Dorcas’s grandmother had been the founding president of Bradfield’s institute in February 1920 and her mother had been the secretary, so that their association with the Women’s Institute stretched back nearly twenty years before the Second World War. Dorcas remembered the committee meetings that used to take place at Copyhold Farm prior to the main WI monthly meeting.

It was always in our sitting room which was a small room and quite a squash with twelve chairs, including my father’s large armchair. And his desk was in the room too. It used to be shut as firmly as possible for the meeting so that there was enough space for everyone to squeeze in. My mother always wrote using an inkwell. She never took to using a fountain pen though later she liked to use biros. But my memory is of the inkwell standing on the little pie-crust-edged occasional table between my mother and Mrs Howlett.

There was an open log fire and a large, brown wood and Bakelite radio on a shelf behind Mrs Ward. ‘My sister and I used to go to these meetings because the sitting room was the only warm room in the house. Mrs Howlett used to sit next to my mother. She did not know much about the business of the WI so my mother would guide her on those matters,’ Dorcas explained. Mrs Ward was the secretary minute-taker throughout the war years and Dorcas said that despite her positive comments and observations she did sometimes get frustrated with the women on the committee, especially those who would sit through meeting after meeting without saying a word.

Ruth Toosey, in the village of Barrow, Cheshire, was also the secretary of her WI during the war. Her daughter, Caroline Dickinson, remembered that meetings took place in the evenings throughout the war as the farmers’ wives would have found it impossible to get to afternoon meetings. Mrs Toosey would spend the following evening writing up the minutes. Caroline has a strong memory of her mother ‘sitting at her desk, fountain pen in one hand, cigarette in the other, huffing and puffing over the minutes. Sometimes she would tell us stories about what had gone on at meetings and often these were very funny. One evening she came back giggling about an almost
stand-up fight between two ladies over washing woollen items. She said it had been like a Punch and Judy show.’

For Caroline and her brother, John, living at the White House in the village, the war dominated their childhoods. Life in Barrow was similar to that of many other rural villages at the time. It lay some five miles from Chester, at the head of the Wirral. Liverpool was a little over twenty miles away and both of Caroline’s grandmothers lived there so she grew up with memories of both peaceful Barrow and the bombed-out city.
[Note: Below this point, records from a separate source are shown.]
Lemma ancestor_parent u v :
  ancestor F u v = if parent F v is Some p then (u == p) || ancestor F u p else false.
Proof.
apply/ancestorP/idP => [[k]|].
  rewrite iterpSr; case: (parent F v) => [p|] //=.
  by case: k => [[->]|k Ek]; rewrite ?eqxx //; apply/orP; right; apply/ancestorP; exists k.
case Ev: (parent F v) => [p|] // /orP[/eqP->|/ancestorP[k Ek]].
  by exists 0; rewrite iterpSr Ev.
by exists k.+1; rewrite iterpSr Ev.
Qed.

Lemma ancestor_total u1 u2 v : ancestor F u1 v -> ancestor F u2 v -> u1 != u2 ->
  ancestor F u1 u2 || ancestor F u2 u1.
Proof.
move=> /ancestorP[k1 E1] /ancestorP[k2 E2] ne_u.
wlog lt_k : u1 u2 k1 k2 E1 E2 ne_u / (k2 < k1)%N.
  move=> W; case: (ltngtP k1 k2) => [lt|lt|eq_k].
  - by rewrite orbC; apply: (W u2 u1 k2 k1); rewrite // eq_sym.
  - exact: (W u1 u2 k1 k2).
  - by move: E2 ne_u; rewrite -eq_k E1 => -[->]; rewrite eqxx.
apply/orP; left; apply/ancestorP; exists (k1 - k2).-1.
rewrite prednK ?subn_gt0 // -E1.
have -> : k1.+1 = (k1 - k2 + k2.+1)%N by rewrite addnS subnK // ltnW.
by rewrite iterpD E2.
Qed.

Definition depth v := #|[set u | ancestor F u v]|.

Definition in_subtree r v := (r == v) || ancestor F r v.

Lemma in_subtree_refl r : in_subtree r r.
Proof. by rewrite /in_subtree eqxx. Qed.

Lemma in_subtree_trans r v v' : in_subtree r v -> ancestor F v v' -> in_subtree r v'.
Proof.
case/orP => [/eqP-> anc_vv'|anc_rv anc_vv']; apply/orP; right => //.
exact: ancestor_trans anc_rv anc_vv'.
Qed.

Lemma depth_lt u v : ancestor F u v -> (depth u < depth v)%N.
Proof.
move=> anc_uv; apply/proper_card/properP; split.
  by apply/subsetP => w; rewrite !inE => anc_wu; apply: ancestor_trans anc_wu anc_uv.
by exists u; rewrite !inE ?anc_uv ?ancestor_irr.
Qed.

Lemma depth_parent v :
  depth v = if parent F v is Some p then (depth p).+1 else 0.
Proof.
rewrite /depth; case Ev: (parent F v) => [p|].
  have -> : [set u | ancestor F u v] = p |: [set u | ancestor F u p].
    by apply/setP => u; rewrite !inE ancestor_parent Ev.
  by rewrite cardsU1 inE ancestor_irr.
by apply/eqP; rewrite cards_eq0; apply/eqP/setP => u; rewrite !inE ancestor_parent Ev.
Qed.
Lemma strong_circuit_elimination (C1 C2 : {set S}) e f :
  C1 \in M -> C2 \in M -> C1 != C2 -> e \in C1 -> e \in C2 -> f \in C1 -> f \notin C2 ->
  exists2 C3, C3 \in M & (f \in C3) && (C3 \subset (C1 :|: C2) :\ e).
Proof.
case: hM => _ hinc helim; have [n] := ubnP #|C1 :|: C2|.
elim: n C1 C2 e f => // n IH C1 C2 e f hn C1M C2M C12 eC1 eC2 fC1 fC2.
have [C3 C3M sC3] := helim C1 C2 e C1M C2M C12 (introT setIP (conj eC1 eC2)).
have [fC3|fC3] := boolP (f \in C3); first by exists C3; rewrite ?fC3.
have [g gC3 gC1] : exists2 g, g \in C3 & g \notin C1.
  apply/subsetPn; apply: contra fC3 => s31.
  by rewrite (hinc _ _ C3M C1M s31).
have sC3U : C3 \subset C1 :|: C2 by apply: subset_trans sC3 (subsetDl _ _).
have gC2 : g \in C2 by move: (subsetP sC3U g gC3); rewrite inE (negbTE gC1).
have eC3 : e \notin C3 by apply/negP => /(subsetP sC3); rewrite !inE eqxx.
have C23 : C2 != C3 by apply: contraNneq eC3 => <-.
have hn1 : (#|C2 :|: C3| < n)%N.
  rewrite -ltnS; apply: leq_trans hn; apply: proper_card; apply/properP; split.
    by rewrite subUset subsetUr sC3U.
  by exists f; rewrite !inE ?fC1 // negb_or fC2 fC3.
have [C4 C4M /andP [eC4 sC4]] := IH C2 C3 g e hn1 C2M C3M C23 gC2 gC3 eC2 eC3.
have sC4U : C4 \subset C1 :|: C2.
  by apply: subset_trans sC4 (subset_trans (subsetDl _ _) _); rewrite subUset subsetUr sC3U.
have fC4 : f \notin C4.
  by apply: contraNN fC3 => /(subsetP sC4); rewrite !inE (negbTE fC2) /= => /andP [].
have gC4 : g \notin C4 by apply/negP => /(subsetP sC4); rewrite !inE eqxx.
have hn2 : (#|C1 :|: C4| < n)%N.
  rewrite -ltnS; apply: leq_trans hn; apply: proper_card; apply/properP; split.
    by rewrite subUset subsetUl sC4U.
  by exists g; rewrite !inE ?gC2 ?orbT // negb_or gC1 gC4.
have C14 : C1 != C4 by apply: contraNneq fC4 => <-.
have [C5 C5M /andP [fC5 sC5]] := IH C1 C4 e f hn2 C1M C4M C14 eC1 eC4 fC1 fC4.
exists C5 => //; rewrite fC5 /=; apply: subset_trans sC5 _.
by apply: setSD; rewrite subUset subsetUl sC4U.
Qed.
(* Let $S_X,S_Y$ be finite nonempty action sets, $\varphi:S_X\times S_Y\to\mathbb{R}$, and $\lambda\in[0,1)$. There exists a $(\varphi,\lambda)$-autocratic behavioral strategy for $X$ if and only if $\Phi_X^+\neq\emptyset$, $\Phi_X^-\neq\emptyset$, and either (i) $\Phi_X^+\cap\Phi_X^-\neq\emptyset$, or (ii) $\Phi_X^+\cap\Phi_X^-=\emptyset$ and $\lambda\ge\lambda_{\min}$, where $$\lambda_{\min}=1-\sup_{(\tau_X^+,\tau_X^-)\in\Phi_X^+\times\Phi_X^-}\frac{\min_{s_Y}\varphi(\tau_X^+,s_Y)-\max_{s_Y}\varphi(\tau_X^-,s_Y)}{\max\{\max_{s_Y}\varphi(\tau_X^+,s_Y)-\max_{s_Y}\varphi(\tau_X^-,s_Y),\ \min_{s_Y}\varphi(\tau_X^+,s_Y)-\min_{s_Y}\varphi(\tau_X^-,s_Y)\}},$$ all maxima and minima over $s_Y$ being taken over $S_Y$.
   Context: Two players $X,Y$ play a repeated game with finite action sets $S_X,S_Y$; $\Delta(S)$ denotes the probability distributions on $S$. $\varphi$ is extended to mixed actions in its first argument by $\varphi(\tau_X,s_Y)=\mathbb{E}_{s_X\sim\tau_X}[\varphi(s_X,s_Y)]$. Histories: $\mathcal{H}=\bigcup_{T\ge0}(S_X\times S_Y)^T$. A behavioral strategy for $X$ is a map $\sigma_X:\mathcal{H}\to\Delta(S_X)$, similarly for $Y$; in each round $t$ players independently draw actions from their strategies evaluated at the history of realized action pairs of rounds $0,\dots,t-1$, and $\mathbb{E}_{\sigma_X,\sigma_Y}$ is the expectation over the resulting play. For $\lambda\in[0,1)$, $\sigma_X$ is $(\varphi,\lambda)$-autocratic if for every behavioral strategy $\sigma_Y$ of $Y$, $\mathbb{E}_{\sigma_X,\sigma_Y}\big[(1-\lambda)\sum_{t\ge0}\lambda^t\varphi(s_X^t,s_Y^t)\big]=0$. Define $\Phi_X^+=\{\tau_X\in\Delta(S_X):\min_{s_Y\in S_Y}\varphi(\tau_X,s_Y)\ge0\}$ and $\Phi_X^-=\{\tau_X\in\Delta(S_X):\max_{s_Y\in S_Y}\varphi(\tau_X,s_Y)\le0\}$. *)

From HB Require Import structures.
From mathcomp Require Import all_boot all_order all_algebra.
From mathcomp Require Import all_classical all_reals all_analysis.
Set Implicit Arguments. Unset Strict Implicit. Unset Printing Implicit Defensive.
Import Order.TTheory GRing.Theory Num.Theory.
Import numFieldNormedType.Exports.
Local Open Scope ring_scope.
Local Open Scope classical_set_scope.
The centre of the village had focused around the millhouse, which stopped working as a mill just before the war, but Caroline could remember the delicious smells that came from it. The majority of the villagers worked on the farms around Barrow but there were a number of larger houses owned by families with business interests elsewhere. These women were leading lights in the WI. Mrs Norman’s family owned the department store Owen Owens in Liverpool and Mrs Synge, who was president, and Mrs Gamon, who was also on the committee, lived in two of the other large houses in the centre of the village.